Lemma xform_zero_y a : xform a \mPo zero_y = xform a.
Proof.
rewrite /xform comp_mpolyB !comp_mpolyZ !comp_mpolyXU -!tnth_nth.
by rewrite !tnth_mktuple !scale1r.
Qed.

Lemma yform_zero_y b : yform b \mPo zero_y = 0.
Proof.
rewrite /yform comp_mpolyB !comp_mpolyZ !comp_mpolyXU -!tnth_nth.
by rewrite !tnth_mktuple !scale0r !scaler0 subrr.
Qed.

(* The squarefree product of the forms [xform a], a in A. *)
Fixpoint xgen (A : seq (K * K)) : M :=
  if A is a :: A' then
    if xgen A' \mPo xline_subst a == 0 then xgen A' else xform a * xgen A'
  else 1.

Lemma xgen_zero_y A : xgen A \mPo zero_y = xgen A.
Proof.
elim: A => [|a A IH] /=; first exact: comp_mpoly1.
by case: ifP => _ //; rewrite rmorphM /= xform_zero_y IH.
Qed.

Lemma xgen_dhomog A : exists d, xgen A \is d.-homog.
Proof.
elim: A => [|a A [d IH]] /=; first by exists 0%N; apply: dhomog1.
by case: ifP => _; [exists d | exists d.+1; apply: dhomogM (xform_dhomog a) IH].
Qed.

Lemma xgen_neq0 A : all (fun a => a != (0, 0)) A -> xgen A != 0.
Proof.
elim: A => [|a A IH] /=; first by rewrite oner_neq0.
by move=> /andP[a0 /IH A0]; case: ifP => _ //; rewrite mulf_neq0 ?xform_neq0.
Qed.

Lemma xgen_xline_subst A a : a \in A -> xgen A \mPo xline_subst a = 0.
Proof.
elim: A => [//|b A IH]; rewrite inE => /predU1P[->|aA] /=.
  by case: ifP => [/eqP //|_]; rewrite rmorphM /= xform_xline_subst mul0r.
by case: ifP => _; rewrite ?rmorphM /= IH ?mulr0.
Qed.

Lemma xgen_divides A h : all (fun a => a != (0, 0)) A ->
  all (fun a => h \mPo xline_subst a == 0) A -> divides (xgen A) h.
Proof.
elim: A h => [|a A IH] h /=; first by exists h; rewrite mul1r.
move=> /andP[a0 A0] /andP[/eqP ha hA]; have [q hq] := IH h A0 hA.
case: ifP => [_|/negbT Fa]; first by exists q.
have /(divides_xform a0) [q' Dq] : q \mPo xline_subst a = 0.
  move/eqP: ha; rewrite hq rmorphM /= mulf_eq0 (negbTE Fa).
  by move/eqP.
by exists q'; rewrite hq Dq mulrCA mulrA.
Qed.

End P1xP1.

Arguments zero_y {K}.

**EXERCISE AIM:** Type the records again in full, matching them exactly.

**TASK SOLUTION:**
Lemma xform_zero_y a : xform a \mPo zero_y = xform a.
Proof.
rewrite /xform comp_mpolyB !comp_mpolyZ !comp_mpolyXU -!tnth_nth.
by rewrite !tnth_mktuple !scale1r.
Qed.

Lemma yform_zero_y b : yform b \mPo zero_y = 0.
Proof.
rewrite /yform comp_mpolyB !comp_mpolyZ !comp_mpolyXU -!tnth_nth.
by rewrite !tnth_mktuple !scale0r !scaler0 subrr.
Qed.

(* The squarefree product of the forms [xform a], a in A. *)
Fixpoint xgen (A : seq (K * K)) : M :=
  if A is a :: A' then
    if xgen A' \mPo xline_subst a == 0 then xgen A' else xform a * xgen A'
  else 1.

Lemma xgen_zero_y A : xgen A \mPo zero_y = xgen A.
Proof.
elim: A => [|a A IH] /=; first exact: comp_mpoly1.
by case: ifP => _ //; rewrite rmorphM /= xform_zero_y IH.
Qed.

Lemma xgen_dhomog A : exists d, xgen A \is d.-homog.
Proof.
elim: A => [|a A [d IH]] /=; first by exists 0%N; apply: dhomog1.
by case: ifP => _; [exists d | exists d.+1; apply: dhomogM (xform_dhomog a) IH].
Qed.

Lemma xgen_neq0 A : all (fun a => a != (0, 0)) A -> xgen A != 0.
Proof.
elim: A => [|a A IH] /=; first by rewrite oner_neq0.
by move=> /andP[a0 /IH A0]; case: ifP => _ //; rewrite mulf_neq0 ?xform_neq0.
Qed.

Lemma xgen_xline_subst A a : a \in A -> xgen A \mPo xline_subst a = 0.
Proof.
elim: A => [//|b A IH]; rewrite inE => /predU1P[->|aA] /=.
  by case: ifP => [/eqP //|_]; rewrite rmorphM /= xform_xline_subst mul0r.
by case: ifP => _; rewrite ?rmorphM /= IH ?mulr0.
Qed.

Lemma xgen_divides A h : all (fun a => a != (0, 0)) A ->
  all (fun a => h \mPo xline_subst a == 0) A -> divides (xgen A) h.
Proof.
elim: A h => [|a A IH] h /=; first by exists h; rewrite mul1r.
move=> /andP[a0 A0] /andP[/eqP ha hA]; have [q hq] := IH h A0 hA.
case: ifP => [_|/negbT Fa]; first by exists q.
have /(divides_xform a0) [q' Dq] : q \mPo xline_subst a = 0.
  move/eqP: ha; rewrite hq rmorphM /= mulf_eq0 (negbTE Fa).
  by move/eqP.
by exists q'; rewrite hq Dq mulrCA mulrA.
Qed.

End P1xP1.

Arguments zero_y {K}.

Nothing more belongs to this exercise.